- [BRIEF] Reproduce word for word the lines between those holding "rewrite -(subrK (cycle_transfer" and "ot_feasible rho phi g -> strictly_cyc_monotone", inclusive, and nothing else from the data below.

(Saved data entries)
%%
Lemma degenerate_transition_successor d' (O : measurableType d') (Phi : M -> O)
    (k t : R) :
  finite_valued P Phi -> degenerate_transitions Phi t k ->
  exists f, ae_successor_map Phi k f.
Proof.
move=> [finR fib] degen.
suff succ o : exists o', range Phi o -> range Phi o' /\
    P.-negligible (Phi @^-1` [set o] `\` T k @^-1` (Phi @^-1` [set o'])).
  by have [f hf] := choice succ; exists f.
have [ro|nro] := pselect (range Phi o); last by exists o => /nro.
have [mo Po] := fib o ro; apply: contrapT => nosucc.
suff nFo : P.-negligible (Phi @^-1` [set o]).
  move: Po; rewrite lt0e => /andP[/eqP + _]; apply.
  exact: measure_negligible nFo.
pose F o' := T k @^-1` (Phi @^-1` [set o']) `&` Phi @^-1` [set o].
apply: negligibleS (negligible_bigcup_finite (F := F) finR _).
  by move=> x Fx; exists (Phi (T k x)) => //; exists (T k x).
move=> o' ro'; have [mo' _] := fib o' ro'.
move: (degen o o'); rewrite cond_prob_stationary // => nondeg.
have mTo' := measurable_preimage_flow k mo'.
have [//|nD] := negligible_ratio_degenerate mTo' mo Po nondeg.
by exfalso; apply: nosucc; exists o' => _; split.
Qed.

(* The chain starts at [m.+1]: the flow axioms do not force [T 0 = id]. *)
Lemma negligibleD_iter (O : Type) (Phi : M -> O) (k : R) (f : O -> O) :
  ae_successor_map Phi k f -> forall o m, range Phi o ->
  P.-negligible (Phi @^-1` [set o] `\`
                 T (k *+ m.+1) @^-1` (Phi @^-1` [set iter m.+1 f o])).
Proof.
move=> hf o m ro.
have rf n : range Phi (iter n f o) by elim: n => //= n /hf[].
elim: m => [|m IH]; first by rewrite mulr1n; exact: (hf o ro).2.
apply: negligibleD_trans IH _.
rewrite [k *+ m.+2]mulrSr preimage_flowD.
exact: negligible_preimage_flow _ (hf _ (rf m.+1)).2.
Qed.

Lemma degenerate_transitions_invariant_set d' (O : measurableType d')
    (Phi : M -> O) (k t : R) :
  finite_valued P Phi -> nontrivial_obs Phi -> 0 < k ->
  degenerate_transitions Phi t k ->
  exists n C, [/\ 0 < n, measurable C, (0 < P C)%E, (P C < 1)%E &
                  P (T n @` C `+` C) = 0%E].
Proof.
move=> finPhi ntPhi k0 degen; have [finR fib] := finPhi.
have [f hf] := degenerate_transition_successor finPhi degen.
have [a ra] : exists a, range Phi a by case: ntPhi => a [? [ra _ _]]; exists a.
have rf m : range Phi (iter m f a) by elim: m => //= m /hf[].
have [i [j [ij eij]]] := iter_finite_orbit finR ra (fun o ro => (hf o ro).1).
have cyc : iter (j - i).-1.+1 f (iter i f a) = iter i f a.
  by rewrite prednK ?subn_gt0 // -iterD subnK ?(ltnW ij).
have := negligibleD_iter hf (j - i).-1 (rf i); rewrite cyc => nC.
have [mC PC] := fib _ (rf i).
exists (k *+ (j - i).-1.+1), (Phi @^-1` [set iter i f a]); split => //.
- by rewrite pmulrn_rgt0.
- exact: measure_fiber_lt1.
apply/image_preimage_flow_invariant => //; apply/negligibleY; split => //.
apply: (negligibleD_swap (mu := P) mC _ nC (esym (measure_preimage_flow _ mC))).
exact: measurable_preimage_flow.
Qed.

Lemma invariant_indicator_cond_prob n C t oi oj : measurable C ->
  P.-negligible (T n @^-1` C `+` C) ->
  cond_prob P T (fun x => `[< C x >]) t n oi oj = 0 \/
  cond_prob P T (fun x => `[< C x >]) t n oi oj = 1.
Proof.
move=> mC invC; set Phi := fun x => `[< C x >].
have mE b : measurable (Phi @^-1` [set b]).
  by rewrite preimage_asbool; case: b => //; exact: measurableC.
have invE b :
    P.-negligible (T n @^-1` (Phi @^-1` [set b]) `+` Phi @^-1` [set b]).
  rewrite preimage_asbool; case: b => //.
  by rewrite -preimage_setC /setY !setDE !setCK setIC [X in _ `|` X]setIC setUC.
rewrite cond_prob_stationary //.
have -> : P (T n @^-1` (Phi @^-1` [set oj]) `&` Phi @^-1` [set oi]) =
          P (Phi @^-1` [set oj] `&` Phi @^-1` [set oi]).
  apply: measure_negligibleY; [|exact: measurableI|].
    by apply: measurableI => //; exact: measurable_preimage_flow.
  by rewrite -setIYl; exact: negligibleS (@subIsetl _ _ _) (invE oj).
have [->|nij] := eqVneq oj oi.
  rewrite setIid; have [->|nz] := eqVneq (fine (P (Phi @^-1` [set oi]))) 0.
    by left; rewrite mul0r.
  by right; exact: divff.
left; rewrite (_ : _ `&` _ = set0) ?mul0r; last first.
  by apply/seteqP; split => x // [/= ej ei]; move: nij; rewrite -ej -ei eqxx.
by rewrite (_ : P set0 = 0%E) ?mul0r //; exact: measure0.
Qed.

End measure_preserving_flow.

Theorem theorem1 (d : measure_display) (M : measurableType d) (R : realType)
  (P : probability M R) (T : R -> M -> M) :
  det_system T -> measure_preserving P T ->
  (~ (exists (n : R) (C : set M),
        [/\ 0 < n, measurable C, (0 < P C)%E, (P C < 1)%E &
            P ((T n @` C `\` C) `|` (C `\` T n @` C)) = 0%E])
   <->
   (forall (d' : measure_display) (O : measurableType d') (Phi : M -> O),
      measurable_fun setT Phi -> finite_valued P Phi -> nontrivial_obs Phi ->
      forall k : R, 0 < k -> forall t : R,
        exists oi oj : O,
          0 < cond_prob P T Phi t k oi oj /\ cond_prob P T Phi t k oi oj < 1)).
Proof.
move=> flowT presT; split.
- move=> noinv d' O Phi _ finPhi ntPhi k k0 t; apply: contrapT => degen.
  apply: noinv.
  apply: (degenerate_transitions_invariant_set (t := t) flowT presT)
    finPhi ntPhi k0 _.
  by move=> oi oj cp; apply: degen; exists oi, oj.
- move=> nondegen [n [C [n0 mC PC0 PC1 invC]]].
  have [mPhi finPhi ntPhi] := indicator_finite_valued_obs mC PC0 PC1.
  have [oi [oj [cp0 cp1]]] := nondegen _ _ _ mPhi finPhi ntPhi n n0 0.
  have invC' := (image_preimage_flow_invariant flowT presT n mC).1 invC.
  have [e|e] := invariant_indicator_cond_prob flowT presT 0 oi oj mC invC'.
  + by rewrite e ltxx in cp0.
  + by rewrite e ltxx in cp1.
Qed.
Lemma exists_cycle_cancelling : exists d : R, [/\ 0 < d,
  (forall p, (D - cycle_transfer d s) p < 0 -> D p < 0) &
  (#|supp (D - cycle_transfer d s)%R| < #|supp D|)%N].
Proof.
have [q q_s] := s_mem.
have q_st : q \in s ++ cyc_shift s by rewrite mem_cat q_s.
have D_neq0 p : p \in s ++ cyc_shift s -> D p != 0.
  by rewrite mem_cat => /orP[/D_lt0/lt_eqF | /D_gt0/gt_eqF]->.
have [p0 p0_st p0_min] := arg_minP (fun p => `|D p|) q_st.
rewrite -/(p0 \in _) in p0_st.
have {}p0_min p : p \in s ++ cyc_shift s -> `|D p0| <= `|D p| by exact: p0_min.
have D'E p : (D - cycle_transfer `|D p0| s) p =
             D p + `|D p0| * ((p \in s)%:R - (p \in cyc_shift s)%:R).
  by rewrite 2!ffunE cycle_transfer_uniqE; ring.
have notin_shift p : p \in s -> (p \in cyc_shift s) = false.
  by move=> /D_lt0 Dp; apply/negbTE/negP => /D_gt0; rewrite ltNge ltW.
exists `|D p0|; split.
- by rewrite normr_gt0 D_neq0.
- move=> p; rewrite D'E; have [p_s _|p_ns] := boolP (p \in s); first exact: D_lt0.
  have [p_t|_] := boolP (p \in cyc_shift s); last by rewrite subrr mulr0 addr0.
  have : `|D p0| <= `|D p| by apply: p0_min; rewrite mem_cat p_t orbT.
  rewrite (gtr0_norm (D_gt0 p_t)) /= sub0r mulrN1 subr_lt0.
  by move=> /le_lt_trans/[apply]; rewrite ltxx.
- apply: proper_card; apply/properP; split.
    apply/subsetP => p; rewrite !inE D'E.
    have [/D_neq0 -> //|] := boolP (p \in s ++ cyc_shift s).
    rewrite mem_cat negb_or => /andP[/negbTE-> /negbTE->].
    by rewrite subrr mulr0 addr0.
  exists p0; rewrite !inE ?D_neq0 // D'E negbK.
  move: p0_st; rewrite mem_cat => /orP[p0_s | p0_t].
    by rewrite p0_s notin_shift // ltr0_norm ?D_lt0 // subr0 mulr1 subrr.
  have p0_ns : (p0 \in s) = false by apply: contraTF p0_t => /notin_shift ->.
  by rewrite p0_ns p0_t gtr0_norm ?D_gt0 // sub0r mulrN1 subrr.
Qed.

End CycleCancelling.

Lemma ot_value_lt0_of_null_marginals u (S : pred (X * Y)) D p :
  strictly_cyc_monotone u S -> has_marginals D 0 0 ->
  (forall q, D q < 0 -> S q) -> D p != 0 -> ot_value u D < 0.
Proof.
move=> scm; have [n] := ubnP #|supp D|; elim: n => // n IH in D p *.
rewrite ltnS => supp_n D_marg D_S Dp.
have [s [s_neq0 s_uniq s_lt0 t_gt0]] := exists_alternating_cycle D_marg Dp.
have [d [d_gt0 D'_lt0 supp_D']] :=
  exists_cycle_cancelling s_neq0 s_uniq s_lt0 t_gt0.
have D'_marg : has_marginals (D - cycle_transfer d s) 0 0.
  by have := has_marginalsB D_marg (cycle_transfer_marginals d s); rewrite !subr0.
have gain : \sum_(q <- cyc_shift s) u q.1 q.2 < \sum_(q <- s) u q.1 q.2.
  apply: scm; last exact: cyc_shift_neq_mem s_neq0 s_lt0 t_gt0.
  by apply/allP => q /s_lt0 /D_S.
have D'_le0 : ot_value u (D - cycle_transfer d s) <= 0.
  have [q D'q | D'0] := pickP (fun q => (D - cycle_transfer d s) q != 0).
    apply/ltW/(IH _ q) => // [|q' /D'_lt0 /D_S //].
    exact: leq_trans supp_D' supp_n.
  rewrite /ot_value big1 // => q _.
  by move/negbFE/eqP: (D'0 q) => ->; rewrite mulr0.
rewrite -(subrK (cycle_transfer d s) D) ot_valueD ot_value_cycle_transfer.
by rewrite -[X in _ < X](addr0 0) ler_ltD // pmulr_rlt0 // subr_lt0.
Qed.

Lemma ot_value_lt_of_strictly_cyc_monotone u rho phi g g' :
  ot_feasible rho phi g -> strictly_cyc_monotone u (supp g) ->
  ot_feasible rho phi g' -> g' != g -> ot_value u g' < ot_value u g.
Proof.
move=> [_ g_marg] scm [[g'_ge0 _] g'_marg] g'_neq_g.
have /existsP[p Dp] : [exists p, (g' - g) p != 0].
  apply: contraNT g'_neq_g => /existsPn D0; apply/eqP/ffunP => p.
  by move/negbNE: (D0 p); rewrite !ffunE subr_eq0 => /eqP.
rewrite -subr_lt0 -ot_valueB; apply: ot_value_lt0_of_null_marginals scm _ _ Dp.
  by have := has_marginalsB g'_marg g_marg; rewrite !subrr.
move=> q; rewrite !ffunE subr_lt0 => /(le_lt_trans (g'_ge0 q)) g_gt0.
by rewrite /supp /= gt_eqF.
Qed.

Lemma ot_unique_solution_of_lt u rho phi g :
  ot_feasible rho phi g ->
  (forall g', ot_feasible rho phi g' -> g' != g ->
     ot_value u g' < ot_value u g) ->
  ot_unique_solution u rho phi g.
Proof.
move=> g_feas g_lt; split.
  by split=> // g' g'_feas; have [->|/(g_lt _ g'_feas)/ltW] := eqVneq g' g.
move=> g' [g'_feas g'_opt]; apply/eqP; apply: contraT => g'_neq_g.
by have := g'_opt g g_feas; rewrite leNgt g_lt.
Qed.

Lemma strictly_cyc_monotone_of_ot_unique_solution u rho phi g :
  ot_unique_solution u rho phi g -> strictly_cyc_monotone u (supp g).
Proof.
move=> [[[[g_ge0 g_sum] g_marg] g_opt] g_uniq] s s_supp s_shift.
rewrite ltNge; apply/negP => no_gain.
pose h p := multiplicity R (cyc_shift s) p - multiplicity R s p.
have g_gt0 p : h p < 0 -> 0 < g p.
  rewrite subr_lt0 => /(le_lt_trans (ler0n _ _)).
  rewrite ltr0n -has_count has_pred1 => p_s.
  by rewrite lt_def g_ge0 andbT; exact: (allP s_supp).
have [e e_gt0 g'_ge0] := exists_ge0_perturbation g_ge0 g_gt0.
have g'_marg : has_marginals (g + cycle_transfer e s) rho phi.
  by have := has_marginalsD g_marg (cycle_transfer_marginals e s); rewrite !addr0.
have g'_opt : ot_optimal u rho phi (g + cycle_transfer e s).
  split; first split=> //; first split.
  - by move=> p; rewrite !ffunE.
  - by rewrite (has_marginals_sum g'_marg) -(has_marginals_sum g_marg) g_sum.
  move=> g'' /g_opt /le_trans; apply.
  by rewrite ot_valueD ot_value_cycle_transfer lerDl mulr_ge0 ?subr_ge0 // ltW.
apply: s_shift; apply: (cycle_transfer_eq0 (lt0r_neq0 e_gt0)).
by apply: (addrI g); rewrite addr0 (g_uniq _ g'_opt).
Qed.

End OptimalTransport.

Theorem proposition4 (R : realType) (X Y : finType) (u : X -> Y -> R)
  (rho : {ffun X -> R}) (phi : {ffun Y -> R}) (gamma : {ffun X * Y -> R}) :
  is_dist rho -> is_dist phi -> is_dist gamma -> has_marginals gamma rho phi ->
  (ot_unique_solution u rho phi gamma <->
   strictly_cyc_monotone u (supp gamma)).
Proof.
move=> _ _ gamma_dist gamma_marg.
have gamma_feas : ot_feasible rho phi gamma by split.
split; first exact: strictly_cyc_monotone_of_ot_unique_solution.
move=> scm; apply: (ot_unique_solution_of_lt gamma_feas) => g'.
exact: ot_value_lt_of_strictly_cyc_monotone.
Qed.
%%
- [RESPONSE TO THIS EXERCISE]
rewrite -(subrK (cycle_transfer d s) D) ot_valueD ot_value_cycle_transfer.
by rewrite -[X in _ < X](addr0 0) ler_ltD // pmulr_rlt0 // subr_lt0.
Qed.

Lemma ot_value_lt_of_strictly_cyc_monotone u rho phi g g' :
  ot_feasible rho phi g -> strictly_cyc_monotone u (supp g) ->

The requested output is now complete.